Physician fee schedules have not kept pace with inflation, unlike other payment mechanisms such as inpatient and outpatient reimbursement models. As a result, physician associations have lobbied Congress to overhaul the payment system.

Dr. Jesse Ehrenfeld, president of the American Medical Association, said in a statement: “Motivation is building for reform. By the AMA’s calculations, he said that Medicare’s doctor payment has already been paid off. 26% decrease from 2001 to 2023. “Doctors are one of the only providers that don’t automatically inflate inflation,” says Ehrenfeld.

Tochi Iroku-Malize, president of the American Academy of Family Physicians, asked Congress in a statement to “issue an annual inflation update to help ensure physician pay rates keep pace with The cost of practicing is increasing.”

In April, House lawmakers introduced a bipartisan bill that would link doctors’ fees to the Medicare Economic Index, the government’s measure of inflation in the cost of medical practice. The House Committee on Energy and Commerce Health Subcommittee is reviewing the bill. The Medicare Payments Advisory Committee made a similar recommendation in January.

Although physician associations describe the proposed cuts as unachievable, they praise the proposal to increase primary care and the proposed changes to responsible care organizations. duty.
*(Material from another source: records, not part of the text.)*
(* Let $t\ge 3$, let $\mathcal{A}$ be a nontrivial clutter on $E_t=\{1,\ldots,t\}$, and let $\mathcal{B}:=\mathfrak{B}(\mathcal{A})$ be its blocker. Then $T_{\mathcal{B}^{\triangledown}}=-T_{\mathcal{A}^{\triangledown}}\cdot\overline{\mathbf{U}}(2^t)$, and: (i) $\mathfrak{q}(T_{\mathcal{B}^{\triangledown}})=\mathfrak{q}(T_{\mathcal{A}^{\triangledown}})$ and $\boldsymbol{x}(T_{\mathcal{B}^{\triangledown}})=\boldsymbol{x}(T_{\mathcal{A}^{\triangledown}})\cdot\overline{\mathbf{U}}(2^t)\cdot\overline{\mathbf{T}}(2^t)$; (ii) if the set $\{k\in\{1,\ldots,2^t\}: T_{\mathcal{A}^{\triangledown}}(k)=-1\}$ is the disjoint union of integer intervals $[i_1,j_1]\,\dot\cup\cdots\dot\cup\,[i_\varrho,j_\varrho]$ with $i_k\le j_k$ and $j_k+2\le i_{k+1}$ for $1\le k\le \varrho-1$, then $\mathfrak{q}(T_{\mathcal{B}^{\triangledown}})=\mathfrak{q}(T_{\mathcal{A}^{\triangledown}})=2\varrho-1$, $\boldsymbol{x}(T_{\mathcal{A}^{\triangledown}})=\sum_{k=1}^{\varrho-1}\boldsymbol{\sigma}(j_k+1)-\sum_{\ell=1}^{\varrho}\boldsymbol{\sigma}(i_\ell)$, and $\boldsymbol{x}(T_{\mathcal{B}^{\triangledown}})=\sum_{k=1}^{\varrho-1}\boldsymbol{\sigma}(2^t-j_k+1)-\sum_{\ell=1}^{\varrho}\boldsymbol{\sigma}(2^t-i_\ell+2)$.
   Context: A clutter on $E_t$ is a family of subsets of $E_t$ none of which contains another; it is nontrivial if it is neither the empty family nor $\{\emptyset\}$. For a family $\mathcal{C}$, $\mathcal{C}^{\triangledown}:=\{D\subseteq E_t: D\supseteq C\text{ for some }C\in\mathcal{C}\}$. The blocker $\mathfrak{B}(\mathcal{A})$ is the family of inclusion-minimal sets meeting every member of $\mathcal{A}$. Order the $2^t$ subsets of $E_t$ by increasing cardinality, and lexicographically among subsets of equal cardinality. For a family $\mathcal{F}$ of subsets of $E_t$, $\boldsymbol{\gamma}(\mathcal{F})\in\{0,1\}^{2^t}$ has $k$-th entry $1$ iff the $k$-th subset in this order lies in $\mathcal{F}$, and the characteristic tope is $T_{\mathcal{F}}:=\mathrm{T}^{(+)}_{2^t}-2\boldsymbol{\gamma}(\mathcal{F})\in\{1,-1\}^{2^t}$, where $\mathrm{T}^{(+)}_{2^t}$ is the all-ones row vector. Let $\boldsymbol{\sigma}(e)$ be the $e$-th standard unit vector of $\mathbb{R}^{2^t}$. Define $R^0:=\mathrm{T}^{(+)}_{2^t}$ and, for $1\le s\le 2^t-1$, $R^s$ the vector with entries $-1$ in positions $1,\ldots,s$ and $1$ elsewhere (first half of a symmetric cycle $R^0,\ldots,R^{2\cdot2^t-1}$, $R^{2^t+k}=-R^k$, in the hypercube graph on $\{1,-1\}^{2^t}$). For $T\in\{1,-1\}^{2^t}$, $\boldsymbol{x}(T)$ is the unique vector (in $\{-1,0,1\}^{2^t}$) with $T=\sum_{i=1}^{2^t}x_iR^{i-1}$, and $\mathfrak{q}(T)$ is the number of its nonzero entries. $\overline{\mathbf{U}}(2^t)$ is the backward identity matrix ($(i,j)$ entry $\delta_{i+j,2^t+1}$) and $\overline{\mathbf{T}}(2^t)$ the forward shift matrix ($(i,j)$ entry $\delta_{j-i,1}$), both of order $2^t$. *)

From HB Require Import structures.
From mathcomp Require Import all_boot all_order all_algebra.
Set Implicit Arguments. Unset Strict Implicit. Unset Printing Implicit Defensive.
Import Order.TTheory GRing.Theory Num.Theory.
Local Open Scope ring_scope.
Under the proposal, CMS would amend the financial standards and quality reporting requirements in the Medicare Shared Savings Program. The agency estimates the proposed rule will increase participation in the Medicare Shared Savings Program by up to 20% next year, in part by taking into account beneficiaries seeking primary care through schools. nurse practitioners, physician assistants, and clinical nurse specialists.
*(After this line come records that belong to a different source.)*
(* For every integer $m\ge 1$ a generalised golden ratio $\mathcal{G}(m)$ exists, and $$\mathcal{G}(m)=\begin{cases} k+1 & \text{if } m=2k,\\[2pt] \dfrac{k+1+\sqrt{k^{2}+6k+5}}{2} & \text{if } m=2k+1,\end{cases}$$ where $k$ is a nonnegative integer.
   Context: Let $m\in\mathbb{N}$ and $\beta\in(1,m+1]$. For $x\in[0,\frac{m}{\beta-1}]$ let $\Sigma_{\beta,m}(x)=\{(\epsilon_i)_{i=1}^\infty\in\{0,\ldots,m\}^{\mathbb{N}}:\sum_{i=1}^\infty \epsilon_i\beta^{-i}=x\}$ be the set of $\beta$-expansions of $x$. A real number $\mathcal{G}(m)$ is called a generalised golden ratio for $m$ if (i) for every $\beta\in(1,\mathcal{G}(m))$ the set $\Sigma_{\beta,m}(x)$ is uncountable for every $x\in(0,\frac{m}{\beta-1})$, and (ii) for every $\beta\in(\mathcal{G}(m),m+1]$ there exists $x\in(0,\frac{m}{\beta-1})$ with $|\Sigma_{\beta,m}(x)|=1$. *)

From Stdlib Require Import Reals Lra Lia.
Open Scope R_scope.

(* A digit sequence (eps_i)_{i>=1} is encoded as e : nat -> nat with
   eps_{i+1} = e i. *)
Definition digits (m : nat) (e : nat -> nat) : Prop := forall i, (e i <= m)%nat.

Definition is_expansion (beta : R) (m : nat) (x : R) (e : nat -> nat) : Prop :=
  digits m e /\ infinite_sum (fun i => INR (e i) / beta ^ (S i)) x.

Definition Sigma (beta : R) (m : nat) (x : R) : (nat -> nat) -> Prop :=
  fun e => is_expansion beta m x e.

Definition countable_set {T : Type} (S : T -> Prop) : Prop :=
  exists f : T -> nat, forall a b, S a -> S b -> f a = f b -> a = b.

Definition uncountable_set {T : Type} (S : T -> Prop) : Prop := ~ countable_set S.

Definition singleton_set {T : Type} (S : T -> Prop) : Prop :=
  exists a, S a /\ forall b, S b -> b = a.

Definition is_generalised_golden_ratio (m : nat) (G : R) : Prop :=
  (forall beta, 1 < beta < G ->
     forall x, 0 < x < INR m / (beta - 1) -> uncountable_set (Sigma beta m x)) /\
  (forall beta, G < beta <= INR m + 1 ->
     exists x, 0 < x < INR m / (beta - 1) /\ singleton_set (Sigma beta m x)).

From Stdlib Require Import Reals Lra Lia ClassicalEpsilon FunctionalExtensionality Classical.
Open Scope R_scope.

(* Write M = m/(β-1) and T_d(y) = βy - d. A digit sequence is an expansion of x exactly when
   the orbit of x under the maps T_(ε_i) stays in [0, M]. Call d admissible at y when
   T_d(y) ∈ (0, M), and y a branching point when two digits are admissible there.

   Below the golden ratio no digit lies in [m - c, c], where c = β + 1 - M, and this rules out
   a non-branching point in the band [M - 1, 1]. Hence an orbit that never branches uses the
   digit 0 forever or m forever and is repelled out of (0, M) by the fixed point 0 or M. So
   branching points recur along every admissible orbit, and spending one bit of an arbitrary
   boolean sequence at each of them embeds the Cantor space into the expansions of x.

   Above the golden ratio the orbit of a fixed point (m = 2k), resp. of a 2-cycle with digits
   k+1, k (m = 2k+1), stays in the band (M - 1, 1), where the digit of every expansion is
   determined by the position; so that point has a unique expansion. *)

Lemma pow_unbounded (b a B : R) :
  1 < b -> 0 < a -> exists N, forall n, (N <= n)%nat -> B < b ^ n * a.
Proof.
  intros Hb Ha.
  destruct (Pow_x_infinity b ltac:(rewrite Rabs_right; lra) (Rabs B / a + 1)) as [N HN].
  exists N; intros n Hn. specialize (HN n Hn).
  rewrite Rabs_right in HN by (apply Rle_ge, pow_le; lra).
  assert (B <= Rabs B) by apply Rle_abs.
  assert (Rabs B / a * a = Rabs B) by (field; lra).
  assert ((Rabs B / a + 1) * a <= b ^ n * a) by (apply Rmult_le_compat_r; lra).
  nra.
Qed.

Lemma Un_cv_const (c : R) : Un_cv (fun _ => c) c.
Proof. intros eps Heps. exists 0%nat. intros. unfold Rdist. rewrite Rminus_diag, Rabs_R0. lra. Qed.

Lemma INR_close_eq (p q : nat) : INR p - INR q < 1 -> INR q - INR p < 1 -> p = q.
Proof.
  intros H1 H2. destruct (Nat.lt_total p q) as [H|[H|H]]; auto;
    apply le_INR in H; rewrite S_INR in H; lra.
Qed.

Lemma no_injection_bool_sequences_nat (g : (nat -> bool) -> nat) :
  ~ (forall s t, g s = g t -> s = t).
Proof.
  intros Hg.
  set (h n := epsilon (inhabits (fun _ : nat => true)) (fun s => g s = n)).
  set (d n := negb (h n n)).
  assert (Hh : h (g d) = d).
  { apply Hg. apply (epsilon_spec _ (fun s => g s = g d)). now exists d. }
  assert (E : d (g d) = negb (h (g d) (g d))) by reflexivity.
  rewrite Hh in E. destruct (d (g d)); discriminate.
Qed.

Lemma nat_below_within_one (n : nat) (z : R) :
  0 < z <= INR n -> exists d, (d < n)%nat /\ 0 < z - INR d <= 1.
Proof.
  revert z; induction n as [|n IH]; intros z Hz; [simpl in Hz; lra|].
  rewrite S_INR in Hz.
  destruct (Rle_dec z (INR n)) as [H|H].
  - destruct (IH z) as [d [Hd Hz']]; [lra|]. exists d; split; [lia|exact Hz'].
  - exists n. split; [lia|lra].
Qed.

Fixpoint orbit {X : Type} (step : X -> nat -> X) (x : X) (e : nat -> nat) (n : nat) : X :=
  match n with
  | O => x
  | S n => step (orbit step x e n) (e n)
  end.

Lemma orbit_add {X : Type} (step : X -> nat -> X) (x : X) (e : nat -> nat) (n k : nat) :
  orbit step x e (n + k) = orbit step (orbit step x e n) (fun i => e (n + i)%nat) k.
Proof.
  induction k as [|k IH]; simpl.
  - now rewrite Nat.add_0_r.
  - now rewrite Nat.add_succ_r; simpl; rewrite IH.
Qed.

Section BranchingPaths.

Context {X : Type} (good : X -> Prop) (ok : X -> nat -> Prop) (step : X -> nat -> X).

Definition branching (y : X) : Prop := exists d0 d1, d0 <> d1 /\ ok y d0 /\ ok y d1.

Definition admissible_from (x : X) (e : nat -> nat) : Prop :=
  forall n, ok (orbit step x e n) (e n).

Hypothesis step_good : forall y d, good y -> ok y d -> good (step y d).
Hypothesis ok_exists : forall y, good y -> exists d, ok y d.
Hypothesis branching_recurs :
  forall x e, good x -> admissible_from x e -> exists n, branching (orbit step x e n).

Lemma branching_recurs_after (x : X) (e : nat -> nat) :
  good x -> admissible_from x e -> forall n0, exists k, branching (orbit step x e (n0 + k)).
Proof.
  intros Hx He n0.
  assert (Hgood : forall n, good (orbit step x e n)).
  { induction n as [|n IH]; [exact Hx | now apply step_good]. }
  destruct (branching_recurs (orbit step x e n0) (fun i => e (n0 + i)%nat)) as [k Hk].
  - apply Hgood.
  - intro k. rewrite <- orbit_add. apply He.
  - exists k. now rewrite orbit_add.
Qed.

Definition is_branching (y : X) : bool :=
  if excluded_middle_informative (branching y) then true else false.

Lemma is_branchingP (y : X) : reflect (branching y) (is_branching y).
Proof. unfold is_branching. destruct excluded_middle_informative; now constructor. Qed.

Definition branch_pair (y : X) : nat * nat :=
  epsilon (inhabits (0, 0)%nat) (fun p => fst p <> snd p /\ ok y (fst p) /\ ok y (snd p)).

Definition choose_digit (y : X) (bit : bool) : nat :=
  if is_branching y then (if bit then fst (branch_pair y) else snd (branch_pair y))
  else epsilon (inhabits 0%nat) (ok y).

Lemma branch_pair_spec (y : X) :
  branching y -> fst (branch_pair y) <> snd (branch_pair y)
                 /\ ok y (fst (branch_pair y)) /\ ok y (snd (branch_pair y)).
Proof.
  intros [d0 [d1 H]].
  apply (epsilon_spec _ (fun p => fst p <> snd p /\ ok y (fst p) /\ ok y (snd p))).
  now exists (d0, d1).
Qed.

Lemma choose_digit_ok (y : X) (bit : bool) : good y -> ok y (choose_digit y bit).
Proof.
  intro Hy. unfold choose_digit. destruct (is_branchingP y) as [Hb|_].
  - destruct (branch_pair_spec y Hb) as [_ [H0 H1]]. now destruct bit.
  - now apply epsilon_spec, ok_exists.
Qed.

Lemma choose_digit_inj (y : X) (bit bit' : bool) :
  branching y -> choose_digit y bit = choose_digit y bit' -> bit = bit'.
Proof.
  intros Hb. unfold choose_digit. destruct (is_branchingP y) as [_|]; [|contradiction].
  destruct (branch_pair_spec y Hb) as [Hne _].
  destruct bit, bit'; auto; intro E; contradict Hne; auto.
Qed.

(* A walk spends the next bit of [s] at every branching point; its second component counts
   the bits spent so far. *)
Fixpoint walk (x : X) (s : nat -> bool) (n : nat) : X * nat :=
  match n with
  | O => (x, O)
  | S n =>
      let p := walk x s n in
      (step (fst p) (choose_digit (fst p) (s (snd p))),
       if is_branching (fst p) then S (snd p) else snd p)
  end.

Definition walk_digits (x : X) (s : nat -> bool) (n : nat) : nat :=
  choose_digit (fst (walk x s n)) (s (snd (walk x s n))).

Lemma walk_orbit (x : X) (s : nat -> bool) (n : nat) :
  fst (walk x s n) = orbit step x (walk_digits x s) n.
Proof. induction n as [|n IH]; simpl; [reflexivity|]. now rewrite <- IH. Qed.

Lemma walk_digits_admissible (x : X) (s : nat -> bool) :
  good x -> admissible_from x (walk_digits x s).
Proof.
  intros Hx.
  assert (Hgood : forall n, good (fst (walk x s n))).
  { induction n as [|n IH]; [exact Hx|]. apply step_good; [exact IH|]. now apply choose_digit_ok. }
  intro n. rewrite <- walk_orbit. now apply choose_digit_ok.
Qed.

Lemma walk_spends_every_bit (x : X) (s : nat -> bool) :
  good x -> forall p, exists n, snd (walk x s n) = p /\ branching (fst (walk x s n)).
Proof.
  intros Hx.
  assert (Hrec : forall n0, exists k, branching (fst (walk x s (n0 + k)))).
  { intro n0. destruct (branching_recurs_after x (walk_digits x s)
                          Hx (walk_digits_admissible x s Hx) n0) as [k Hk].
    exists k. now rewrite walk_orbit. }
  assert (Hnext : forall k n0, branching (fst (walk x s (n0 + k))) ->
            exists n, snd (walk x s n) = snd (walk x s n0) /\ branching (fst (walk x s n))).
  { induction k as [|k IH]; intros n0 Hk.
    - exists n0. rewrite Nat.add_0_r in Hk. now split.
    - destruct (classic (branching (fst (walk x s n0)))) as [Hb|Hnb]; [now exists n0|].
      rewrite <- Nat.add_succ_comm in Hk.
      destruct (IH (S n0) Hk) as [n [Hn Hbn]]. exists n. split; [|exact Hbn].
      rewrite Hn. simpl. now destruct (is_branchingP (fst (walk x s n0))). }
  induction p as [|p [n [Hn Hb]]].
  - destruct (Hrec 0%nat) as [k Hk]. exact (Hnext k 0%nat Hk).
  - destruct (Hrec (S n)) as [k Hk]. destruct (Hnext k (S n) Hk) as [n' [Hn' Hb']].
    exists n'. split; [|exact Hb']. rewrite Hn'. simpl.
    destruct (is_branchingP (fst (walk x s n))); [now rewrite Hn | contradiction].
Qed.

Lemma walk_digits_injective (x : X) (s t : nat -> bool) :
  good x -> walk_digits x s = walk_digits x t -> s = t.
Proof.
  intros Hx E.
  assert (Hpos : forall n, fst (walk x s n) = fst (walk x t n)).
  { intro n. now rewrite !walk_orbit, E. }
  assert (Hcount : forall n, snd (walk x s n) = snd (walk x t n)).
  { induction n as [|n IH]; simpl; [reflexivity|]. now rewrite Hpos, IH. }
  apply functional_extensionality. intro p.
  destruct (walk_spends_every_bit x s Hx p) as [n [Hn Hb]].
  apply (choose_digit_inj (fst (walk x s n))); [exact Hb|].
  generalize (f_equal (fun f => f n) E). unfold walk_digits.
  now rewrite <- Hpos, <- Hcount, Hn.
Qed.

Theorem admissible_from_uncountable (x : X) : good x -> uncountable_set (admissible_from x).
Proof.
  intros Hx [f Hf].
  apply (no_injection_bool_sequences_nat (fun s => f (walk_digits x s))).
  intros s t E. apply (walk_digits_injective x); [exact Hx|].
  apply Hf; auto using walk_digits_admissible.
Qed.

End BranchingPaths.

Definition beta_step (b y : R) (d : nat) : R := b * y - INR d.

Fixpoint partial_sum (b : R) (e : nat -> nat) (n : nat) : R :=
  match n with
  | O => 0
  | S n => partial_sum b e n + INR (e n) / b ^ S n
  end.

Section BetaExpansions.

Variables (m : nat) (b : R).
Hypothesis b_gt_1 : 1 < b.

Local Notation M := (INR m / (b - 1)).
Local Notation orbit_b := (orbit (beta_step b)).

Lemma top_fixed : b * M = INR m + M.
Proof. field; lra. Qed.

Lemma top_nonneg : 0 <= M.
Proof. apply Rmult_le_pos; [apply pos_INR | left; apply Rinv_0_lt_compat; lra]. Qed.

Lemma orbit_partial_sum (x : R) (e : nat -> nat) (n : nat) :
  orbit_b x e n = b ^ n * (x - partial_sum b e n).
Proof.
  induction n as [|n IH]; simpl; [ring|].
  rewrite IH. unfold beta_step.
  assert (b ^ n <> 0) by (apply pow_nonzero; lra).
  field; lra.
Qed.

Lemma sum_f_R0_partial_sum (e : nat -> nat) (N : nat) :
  sum_f_R0 (fun i => INR (e i) / b ^ S i) N = partial_sum b e (S N).
Proof. induction N as [|N IH]; [simpl; ring|]. now rewrite tech5, IH. Qed.

Lemma expansion_of_bounded_orbit (x B : R) (e : nat -> nat) :
  (forall n, Rabs (orbit_b x e n) <= B) -> infinite_sum (fun i => INR (e i) / b ^ S i) x.
Proof.
  intros HB eps Heps.
  destruct (pow_unbounded b eps B b_gt_1 Heps) as [N HN].
  exists N. intros n Hn. unfold Rdist.
  rewrite sum_f_R0_partial_sum.
  assert (Hp : 0 < b ^ S n) by (apply pow_lt; lra).
  replace (partial_sum b e (S n) - x) with (- (orbit_b x e (S n) / b ^ S n))
    by (rewrite orbit_partial_sum; field; lra).
  rewrite Rabs_Ropp. unfold Rdiv. rewrite Rabs_mult, Rabs_inv, (Rabs_right (b ^ S n)) by lra.
  apply (Rmult_lt_reg_r (b ^ S n)); [exact Hp|].
  rewrite Rmult_assoc, Rinv_l by lra.
  specialize (HB (S n)). specialize (HN (S n) ltac:(lia)). lra.
Qed.

Lemma partial_sum_increment (e : nat -> nat) :
  digits m e -> forall n k,
    0 <= partial_sum b e (n + k) - partial_sum b e n <= M / b ^ n - M / b ^ (n + k).
Proof.
  intros He n k. induction k as [|k IH].
  - rewrite Nat.add_0_r. lra.
  - rewrite Nat.add_succ_r. change (partial_sum b e (S (n + k)))
      with (partial_sum b e (n + k) + INR (e (n + k)%nat) / b ^ S (n + k)).
    assert (Hp : 0 < b ^ (n + k)) by (apply pow_lt; lra).
    assert (Hstep : M / b ^ (n + k) - M / b ^ S (n + k) = INR m / b ^ S (n + k))
      by (simpl; field; lra).
    assert (0 <= INR (e (n + k)%nat) <= INR m) by (split; [apply pos_INR | apply le_INR, He]).
    assert (Hq : 0 < / b ^ S (n + k)) by (apply Rinv_0_lt_compat, pow_lt; lra).
    assert (0 <= INR (e (n + k)%nat) / b ^ S (n + k) <= INR m / b ^ S (n + k))
      by (unfold Rdiv; split; [apply Rmult_le_pos | apply Rmult_le_compat_r]; lra).
    lra.
Qed.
“[The proposed rule] solve some problems that [the National Association of ACOs] has been advocating, including improvements to reporting quality, fairer benchmarking policies, a smooth transition to a new risk adjustment model, and enhanced payout retention for new ACOs transitioning to risk, helping ACOs serve high-cost beneficiaries and others,” said Clif Gaus, president and chief executive officer of the National Association of ACOs.

CMS also proposes a number of provisions designed to increase access to behavioral health care and enhance reimbursement for patients with chronic conditions. The agency will allow marriage and family therapists and mental health counselors to enroll in Medicare. The proposed rule would also increase payments for crisis care, substance use disorder treatment and psychotherapy.

CMS proposed extending a model designed to enhance care for patients with diabetes under Medicare in underserved communities. The agency will provide an additional payment that it says will better recognize resources related to clinic visits for complex patients.

In addition, the agency will pay for caregiver training to assist patients with certain illnesses and introduce new reimbursement mechanisms for community health and group care workers, along with payment money for navigation services for cancer patients.

The comments are due on September 11. The final rule is expected later this fall.